Segundo o ministro, essa situação precisa ser alterada. “Isso tem que mudar. Nos Estados Unidos, existe de 8 mil a 10 mil bancos, e lá, nos Estados Unidos, foi praticamente pela legislação proibido de ter bancos federais”, explica.

Para Afif, os bancos precisam ser locais, para que o dinheiro possa ser circular dentro da sua base. “Nós vamos ter que enfrentar essa realidade, porque nosso sistema bancário acabou a concorrência. Por isso, nós pagamos taxas de juros absurdas. Não só a taxa básica, mas a taxa de empréstimo. Um capital de giro para uma micro e pequena empresa é de 3, 3.2% ao mês, que dá 40% ao ano, portanto, qualquer atividade lícita é muito difícil pagar esse montante da crédito.”

Compulsório

Nas visitas para divulgar o “Crescer Sem Medo”, o ministro Guilherme Afif Domingos tem defendido o uso de 17% do depósito compulsório dos bancos entregue ao Banco Central para a concessão de empréstimos para micro e pequenas empresas.

“A minha proposta prevê a liberação de R$ 40 bilhões do dinheiro do compulsório para que as empresas possam ter crédito a juros justos para manter o capital de giro ou realizar investimentos”, destaca Afif. A mudança depende de norma do Banco Central.

Sistema ficará fora da fiscalização do BC

A criação de microbancos municipais não deverá ser uma atividade sujeita à fiscalização do Banco Central por funcionarem como fundo de desenvolvimento e não como instituição financeira, apontam fontes do mercado.

Segundo essas fontes, o BC fiscaliza a concorrência entre os bancos no sistema financeiro no Brasil e atuará caso identifique predominância de algumas instituições sobre as demais. E apontam que os índices de concentração financeira no País são semelhantes aos dos demais países da América Latina. Atribuem as altas de juros no Brasil a problemas conjunturais.
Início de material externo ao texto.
(* The set $\mathtt{REV}$ of injective (equivalently, reversible) cellular automata on $\Sigma^\mathbb{Z}$ is a closed subset of $\mathtt{CA}$ equipped with the pointwise topology.
   Context: $\Sigma$ is a finite alphabet with $|\Sigma|\ge 2$, and $\Sigma^\mathbb{Z}$ carries the product (Cantor) topology. The shift $\sigma:\Sigma^\mathbb{Z}\to\Sigma^\mathbb{Z}$ is $\sigma(x)_i=x_{i+1}$. A cellular automaton (CA) is a continuous map $c:\Sigma^\mathbb{Z}\to\Sigma^\mathbb{Z}$ with $c\circ\sigma=\sigma\circ c$; $\mathtt{CA}$ is the set of all CA on $\Sigma^\mathbb{Z}$, and $\mathtt{REV}\subseteq\mathtt{CA}$ is the set of injective CA. The pointwise topology on $\mathtt{CA}$ is the topology generated by the subbase consisting of the sets $U_x(a)=\{c\in\mathtt{CA}\mid c(x)_0=a\}$ for $x\in\Sigma^\mathbb{Z}$, $a\in\Sigma$. *)

From mathcomp Require Import all_boot.
From Stdlib Require Import ZArith List.
Set Implicit Arguments. Unset Strict Implicit. Unset Printing Implicit Defensive.

Definition config (Sigma : Type) := Z -> Sigma.

Definition shift (Sigma : Type) (x : config Sigma) : config Sigma :=
  fun i => x (i + 1)%Z.

(* Continuity for the product (Cantor) topology on Sigma^Z (Sigma discrete),
   written out: each output coordinate depends (locally) only on finitely many
   input coordinates, i.e. for every x and i there is a cylinder
   neighbourhood of x on which c(.)_i is constant. *)
Definition cantor_continuous (Sigma : Type) (c : config Sigma -> config Sigma) :=
  forall (x : config Sigma) (i : Z), exists n : nat,
    forall y : config Sigma,
      (forall j : Z, (Z.abs j <= Z.of_nat n)%Z -> y j = x j) -> c y i = c x i.

Definition is_CA (Sigma : Type) (c : config Sigma -> config Sigma) :=
  cantor_continuous c /\ forall x : config Sigma, c (shift x) = shift (c x).

Record CA (Sigma : Type) := MkCA {
  ca_map :> config Sigma -> config Sigma;
  ca_isCA : is_CA ca_map }.

Definition REV (Sigma : Type) : CA Sigma -> Prop :=
  fun c => injective (ca_map c).

(* Topology generated by a subbase (U i)_{i : I} on a set X:
   O is open iff each point of O lies in a finite intersection of subbasic
   sets contained in O (the empty intersection being X). *)
Definition open_gen (X I : Type) (U : I -> X -> Prop) (O : X -> Prop) :=
  forall c : X, O c ->
    exists l : list I, (forall p, In p l -> U p c) /\
      (forall d : X, (forall p, In p l -> U p d) -> O d).

Definition closed_gen (X I : Type) (U : I -> X -> Prop) (S : X -> Prop) :=
  open_gen U (fun c => ~ S c).

(* Subbase of the pointwise topology on CA: U_x(a) = {c | c(x)_0 = a}. *)
Definition pointwise_subbase (Sigma : Type) :
  (config Sigma * Sigma) -> CA Sigma -> Prop :=
  fun p c => ca_map c p.1 0%Z = p.2.

From mathcomp Require Import all_boot.
From Stdlib Require Import ZArith List Lia Classical FunctionalExtensionality.
From Stdlib Require Import IndefiniteDescription.

(* Let c be a non-injective CA.  By compactness of Sigma^Z (Koenig's lemma
   for a finite alphabet) c has a finite radius r: c(x)_i only depends on
   x restricted to [i - r, i + r].  Locality turns any collision c x = c y,
   x <> y, into a collision between two distinct p-periodic configurations:
   cut a block [a, b) containing a difference and bounded by identical
   (2r)-windows of the pair (x, y) -- found by the pigeonhole principle if
   x and y differ infinitely often, created by padding with a constant
   symbol otherwise -- and repeat it.  Such a periodic collision is
   witnessed by the 2p values c(x)_i, c(y)_i (0 <= i < p), i.e. by
   finitely many subbasic conditions U_{shift^i z}(c(x)_i); every CA d in
   their intersection collides on the same periodic pair, so this open
   neighbourhood of c avoids REV. *)

Set Implicit Arguments. Unset Strict Implicit.

Section Shifts.
Variable Sigma : Type.
Local Open Scope Z_scope.
Lemma cospan_cat_finite : finite_cat cospan_cat.
Proof.
  split.
  - exists [cospan_left; cospan_right; cospan_apex]. intros []; simpl; tauto.
  - intros a b. simpl. destruct (Bool.bool_dec (cospan_le a b) true) as [e|n].
    + exists [e]. intros e'. left. apply bool_eq_irrelevance.
    + exists []. intros e. contradiction.
Qed.

Definition cospan_diagram {C : Category} {X Y Z : C} (f : hom X Z) (g : hom Y Z) :
  Functor cospan_cat C.
Proof.
  pose (obj := fun j => match j with cospan_left => X | cospan_right => Y | cospan_apex => Z end).
  refine (Build_Functor cospan_cat C obj
    (fun a b => match a, b return cospan_le a b = true -> hom (obj a) (obj b) with
      | cospan_left, cospan_left => fun _ => idm X
      | cospan_right, cospan_right => fun _ => idm Y
      | cospan_apex, cospan_apex => fun _ => idm Z
      | cospan_left, cospan_apex => fun _ => f
      | cospan_right, cospan_apex => fun _ => g
      | _, _ => fun p => False_rect _ (Bool.diff_false_true p)
      end) _ _).
  - intros []; reflexivity.
  - intros [] [] [] u v; simpl in *; try discriminate; rewrite ?comp_id_l, ?comp_id_r; reflexivity.
Defined.

Lemma weak_pullbacks_of_finite_limits {C : Category} :
  has_finite_limits C ->
  forall (X Y Z : C) (f : hom X Z) (g : hom Y Z), inhabited (weak_pullback f g).
Proof.
  intros H X Y Z f g.
  destruct (H _ cospan_cat_finite (cospan_diagram f g)) as [P [p [Hp Hu]]].
  assert (Ef : f ∘ p cospan_left = p cospan_apex) by exact (Hp cospan_left cospan_apex eq_refl).
  assert (Eg : g ∘ p cospan_right = p cospan_apex) by exact (Hp cospan_right cospan_apex eq_refl).
  constructor. refine {| wpb_ob := P; wpb1 := p cospan_left; wpb2 := p cospan_right |}.
  - exact (eq_trans Ef (eq_sym Eg)).
  - intros W w1 w2 Hw.
    destruct (Hu W (fun j => match j return hom W (cospan_diagram f g j) with
        | cospan_left => w1 | cospan_right => w2 | cospan_apex => f ∘ w1 end)) as [h [Hh _]].
    { intros [] [] e; simpl in *; try discriminate; rewrite ?comp_id_l; auto. }
    exists h. split; [exact (Hh cospan_left) | exact (Hh cospan_right)].
Qed.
As fontes de mercado apontaram que há nos Estados Unidos cerca de 4 mil bancos. A maioria deles – cerca de 2.700 – são instituições financeiras nacionais, a exemplo do Citibank e do Morgan. Como os Estados dos EUA também autorizam o funcionamento de bancos, alguns têm 50 autorizações.

O BC e a Febraban (Federação Brasileira de Bancos) não comentaram a proposta do deputado João Arruda (PMDB-PR) sobre a criação dos microbancos municipais, em resposta a pedidos do DCI. Também não se manifestaram em relação aos comentários do parlamentar e do ministro Afif Domingos.